**Problem to work on:**
Look through the data below for the line with "- by move: (betw k ltac:(lia)); rewrite Pc.", and transcribe it exactly together with each line after it up to and including the line with "- have P_eq2 m : P m -> m = 2.". Give nothing else.

Records excerpted from a collection:
===============
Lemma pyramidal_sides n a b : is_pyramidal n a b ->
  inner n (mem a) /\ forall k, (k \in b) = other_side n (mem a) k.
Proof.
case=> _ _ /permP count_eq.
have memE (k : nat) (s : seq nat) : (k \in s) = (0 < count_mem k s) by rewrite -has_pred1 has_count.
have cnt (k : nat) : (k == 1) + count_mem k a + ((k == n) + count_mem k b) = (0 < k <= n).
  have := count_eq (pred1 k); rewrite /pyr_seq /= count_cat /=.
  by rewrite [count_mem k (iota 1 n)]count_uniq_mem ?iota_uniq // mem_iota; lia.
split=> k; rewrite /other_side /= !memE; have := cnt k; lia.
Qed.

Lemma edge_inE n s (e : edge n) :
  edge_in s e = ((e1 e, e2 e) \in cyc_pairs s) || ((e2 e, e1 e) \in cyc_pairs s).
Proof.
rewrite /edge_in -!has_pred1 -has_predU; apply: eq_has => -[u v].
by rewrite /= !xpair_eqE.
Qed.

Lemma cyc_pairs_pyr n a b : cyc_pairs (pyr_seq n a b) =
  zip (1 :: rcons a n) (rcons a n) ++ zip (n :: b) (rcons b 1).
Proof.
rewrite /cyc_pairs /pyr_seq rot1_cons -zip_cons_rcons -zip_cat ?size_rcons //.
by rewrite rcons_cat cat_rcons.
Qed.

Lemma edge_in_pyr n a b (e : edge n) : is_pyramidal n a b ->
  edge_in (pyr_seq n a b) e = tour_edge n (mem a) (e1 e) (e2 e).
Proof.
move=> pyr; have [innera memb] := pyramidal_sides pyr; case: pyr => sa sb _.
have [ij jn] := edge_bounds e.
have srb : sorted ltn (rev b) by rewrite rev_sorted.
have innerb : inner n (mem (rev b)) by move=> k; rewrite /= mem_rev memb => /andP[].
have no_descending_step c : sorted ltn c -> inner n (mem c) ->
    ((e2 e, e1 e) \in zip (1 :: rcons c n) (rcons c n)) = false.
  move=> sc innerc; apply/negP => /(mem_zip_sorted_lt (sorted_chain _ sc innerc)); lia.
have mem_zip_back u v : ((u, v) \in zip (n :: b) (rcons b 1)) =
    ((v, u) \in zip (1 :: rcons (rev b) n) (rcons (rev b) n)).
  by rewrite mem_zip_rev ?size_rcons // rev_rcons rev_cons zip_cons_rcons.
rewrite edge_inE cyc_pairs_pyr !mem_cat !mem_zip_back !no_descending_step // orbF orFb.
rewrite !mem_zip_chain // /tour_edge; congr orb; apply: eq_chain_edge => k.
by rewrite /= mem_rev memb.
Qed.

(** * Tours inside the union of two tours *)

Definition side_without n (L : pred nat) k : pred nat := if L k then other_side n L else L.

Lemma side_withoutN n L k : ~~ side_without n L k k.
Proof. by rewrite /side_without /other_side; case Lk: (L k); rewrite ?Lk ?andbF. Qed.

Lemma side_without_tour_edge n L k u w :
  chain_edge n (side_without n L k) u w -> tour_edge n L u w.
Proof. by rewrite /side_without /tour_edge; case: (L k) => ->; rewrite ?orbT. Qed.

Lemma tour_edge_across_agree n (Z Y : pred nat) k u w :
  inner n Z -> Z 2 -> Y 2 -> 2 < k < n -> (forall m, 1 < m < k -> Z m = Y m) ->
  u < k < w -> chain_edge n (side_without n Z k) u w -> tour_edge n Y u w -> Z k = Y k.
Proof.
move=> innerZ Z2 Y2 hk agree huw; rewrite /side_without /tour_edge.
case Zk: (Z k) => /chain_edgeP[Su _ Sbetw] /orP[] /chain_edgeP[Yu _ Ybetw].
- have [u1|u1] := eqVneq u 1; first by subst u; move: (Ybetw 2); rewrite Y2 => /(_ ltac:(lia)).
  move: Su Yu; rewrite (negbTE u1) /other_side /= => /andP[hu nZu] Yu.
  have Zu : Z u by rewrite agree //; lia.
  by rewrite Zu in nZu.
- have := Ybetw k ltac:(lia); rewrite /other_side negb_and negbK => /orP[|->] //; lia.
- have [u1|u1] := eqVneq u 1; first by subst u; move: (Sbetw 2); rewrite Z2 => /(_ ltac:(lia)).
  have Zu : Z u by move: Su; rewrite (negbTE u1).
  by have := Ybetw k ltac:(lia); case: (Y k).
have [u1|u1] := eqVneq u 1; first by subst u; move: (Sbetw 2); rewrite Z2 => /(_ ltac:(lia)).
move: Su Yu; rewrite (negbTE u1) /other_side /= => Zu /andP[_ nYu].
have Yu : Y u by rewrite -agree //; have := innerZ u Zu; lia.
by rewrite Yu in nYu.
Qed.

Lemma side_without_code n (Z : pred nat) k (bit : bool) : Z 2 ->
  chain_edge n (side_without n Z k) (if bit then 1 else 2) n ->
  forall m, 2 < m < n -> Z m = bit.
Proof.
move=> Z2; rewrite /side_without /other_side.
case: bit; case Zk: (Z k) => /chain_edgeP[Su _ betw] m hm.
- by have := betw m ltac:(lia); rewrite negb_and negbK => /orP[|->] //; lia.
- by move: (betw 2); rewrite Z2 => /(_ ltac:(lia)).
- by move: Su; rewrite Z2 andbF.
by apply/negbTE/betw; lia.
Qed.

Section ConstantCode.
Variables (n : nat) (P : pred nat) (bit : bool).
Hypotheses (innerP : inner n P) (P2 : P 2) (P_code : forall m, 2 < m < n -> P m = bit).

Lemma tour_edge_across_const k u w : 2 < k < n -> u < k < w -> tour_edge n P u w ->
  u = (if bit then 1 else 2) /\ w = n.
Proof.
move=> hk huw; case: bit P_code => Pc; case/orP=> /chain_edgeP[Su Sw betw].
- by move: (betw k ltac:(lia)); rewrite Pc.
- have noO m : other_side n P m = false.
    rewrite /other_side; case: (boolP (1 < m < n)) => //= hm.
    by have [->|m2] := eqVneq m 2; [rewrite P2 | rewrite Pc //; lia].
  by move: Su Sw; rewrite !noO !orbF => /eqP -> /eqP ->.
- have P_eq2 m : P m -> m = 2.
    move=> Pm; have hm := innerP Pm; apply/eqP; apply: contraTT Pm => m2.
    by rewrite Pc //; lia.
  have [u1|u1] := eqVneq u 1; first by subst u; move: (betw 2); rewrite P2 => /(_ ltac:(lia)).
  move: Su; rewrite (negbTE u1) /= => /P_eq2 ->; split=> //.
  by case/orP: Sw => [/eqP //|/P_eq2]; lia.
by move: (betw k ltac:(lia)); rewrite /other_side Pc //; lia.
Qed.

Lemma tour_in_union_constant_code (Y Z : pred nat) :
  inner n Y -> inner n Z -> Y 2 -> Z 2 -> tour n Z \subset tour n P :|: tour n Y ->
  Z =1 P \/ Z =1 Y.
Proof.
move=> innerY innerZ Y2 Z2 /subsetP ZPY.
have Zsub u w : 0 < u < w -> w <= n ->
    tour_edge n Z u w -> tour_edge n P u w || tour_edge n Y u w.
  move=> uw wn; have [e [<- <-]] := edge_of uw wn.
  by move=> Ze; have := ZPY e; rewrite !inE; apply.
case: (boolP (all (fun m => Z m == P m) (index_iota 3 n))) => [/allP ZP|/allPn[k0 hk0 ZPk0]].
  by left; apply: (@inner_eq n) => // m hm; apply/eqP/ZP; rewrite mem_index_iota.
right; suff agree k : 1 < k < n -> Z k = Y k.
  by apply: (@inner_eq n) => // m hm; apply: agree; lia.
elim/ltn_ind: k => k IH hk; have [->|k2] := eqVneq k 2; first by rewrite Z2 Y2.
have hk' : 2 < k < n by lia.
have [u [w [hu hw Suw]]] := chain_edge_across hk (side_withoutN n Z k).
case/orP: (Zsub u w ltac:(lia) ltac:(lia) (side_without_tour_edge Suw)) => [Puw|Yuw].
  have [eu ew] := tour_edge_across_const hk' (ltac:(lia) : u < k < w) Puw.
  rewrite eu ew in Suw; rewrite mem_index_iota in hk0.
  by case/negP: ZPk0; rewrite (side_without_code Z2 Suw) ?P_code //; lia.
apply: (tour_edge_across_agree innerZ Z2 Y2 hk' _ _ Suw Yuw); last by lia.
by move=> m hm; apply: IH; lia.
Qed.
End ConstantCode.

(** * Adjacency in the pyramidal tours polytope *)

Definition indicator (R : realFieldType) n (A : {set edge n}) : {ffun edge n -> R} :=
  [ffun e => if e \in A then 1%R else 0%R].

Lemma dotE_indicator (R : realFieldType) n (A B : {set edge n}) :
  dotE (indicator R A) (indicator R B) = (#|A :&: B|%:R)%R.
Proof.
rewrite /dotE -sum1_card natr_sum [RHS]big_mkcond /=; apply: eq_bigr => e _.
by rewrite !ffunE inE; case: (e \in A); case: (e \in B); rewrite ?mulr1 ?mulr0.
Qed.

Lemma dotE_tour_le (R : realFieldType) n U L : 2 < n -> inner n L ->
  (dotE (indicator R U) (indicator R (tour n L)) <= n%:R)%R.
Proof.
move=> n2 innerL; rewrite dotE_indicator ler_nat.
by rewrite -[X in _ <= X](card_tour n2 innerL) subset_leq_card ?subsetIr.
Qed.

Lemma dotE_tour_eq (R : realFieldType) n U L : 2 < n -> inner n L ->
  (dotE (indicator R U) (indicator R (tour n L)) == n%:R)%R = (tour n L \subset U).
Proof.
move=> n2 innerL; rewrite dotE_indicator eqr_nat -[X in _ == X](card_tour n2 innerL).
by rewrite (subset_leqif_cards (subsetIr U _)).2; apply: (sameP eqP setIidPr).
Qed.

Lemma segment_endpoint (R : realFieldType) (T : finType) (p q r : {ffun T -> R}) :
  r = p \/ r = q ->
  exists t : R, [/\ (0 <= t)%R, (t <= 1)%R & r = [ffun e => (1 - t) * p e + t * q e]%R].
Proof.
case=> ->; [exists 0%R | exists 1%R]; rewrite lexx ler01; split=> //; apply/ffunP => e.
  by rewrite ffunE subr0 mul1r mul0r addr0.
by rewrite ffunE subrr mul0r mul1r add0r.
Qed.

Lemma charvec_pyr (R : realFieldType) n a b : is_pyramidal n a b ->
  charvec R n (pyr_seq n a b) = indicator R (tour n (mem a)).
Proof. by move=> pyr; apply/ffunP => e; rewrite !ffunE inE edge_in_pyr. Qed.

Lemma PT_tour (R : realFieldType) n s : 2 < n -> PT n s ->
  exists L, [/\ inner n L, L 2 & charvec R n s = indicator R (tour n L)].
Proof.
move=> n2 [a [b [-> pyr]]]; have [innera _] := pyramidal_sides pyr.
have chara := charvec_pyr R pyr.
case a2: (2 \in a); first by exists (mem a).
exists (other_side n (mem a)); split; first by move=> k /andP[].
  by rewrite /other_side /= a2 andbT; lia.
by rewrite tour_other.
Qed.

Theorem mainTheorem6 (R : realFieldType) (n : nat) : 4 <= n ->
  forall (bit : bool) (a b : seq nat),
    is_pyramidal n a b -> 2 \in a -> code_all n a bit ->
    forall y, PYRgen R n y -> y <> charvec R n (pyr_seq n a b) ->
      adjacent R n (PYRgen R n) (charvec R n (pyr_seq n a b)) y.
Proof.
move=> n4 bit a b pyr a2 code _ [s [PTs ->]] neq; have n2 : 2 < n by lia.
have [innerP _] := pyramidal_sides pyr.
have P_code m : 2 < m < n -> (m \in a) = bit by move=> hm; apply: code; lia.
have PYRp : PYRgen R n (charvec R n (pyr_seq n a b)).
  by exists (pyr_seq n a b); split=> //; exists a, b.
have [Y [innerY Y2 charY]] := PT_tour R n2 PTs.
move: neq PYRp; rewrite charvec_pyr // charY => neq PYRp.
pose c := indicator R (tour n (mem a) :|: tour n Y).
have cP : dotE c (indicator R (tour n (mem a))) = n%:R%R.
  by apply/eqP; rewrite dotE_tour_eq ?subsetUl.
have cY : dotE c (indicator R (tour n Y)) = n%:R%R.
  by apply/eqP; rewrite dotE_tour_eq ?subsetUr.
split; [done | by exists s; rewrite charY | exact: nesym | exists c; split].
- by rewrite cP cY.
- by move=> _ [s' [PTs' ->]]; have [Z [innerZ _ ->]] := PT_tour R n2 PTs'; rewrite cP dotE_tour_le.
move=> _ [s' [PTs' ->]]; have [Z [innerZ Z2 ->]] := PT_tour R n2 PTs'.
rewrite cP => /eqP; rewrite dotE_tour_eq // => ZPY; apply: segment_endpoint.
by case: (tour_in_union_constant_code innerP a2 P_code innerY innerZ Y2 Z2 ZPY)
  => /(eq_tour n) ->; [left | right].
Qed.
===============
**Written answer:**
- by move: (betw k ltac:(lia)); rewrite Pc.
- have noO m : other_side n P m = false.
    rewrite /other_side; case: (boolP (1 < m < n)) => //= hm.
    by have [->|m2] := eqVneq m 2; [rewrite P2 | rewrite Pc //; lia].
  by move: Su Sw; rewrite !noO !orbF => /eqP -> /eqP ->.
- have P_eq2 m : P m -> m = 2.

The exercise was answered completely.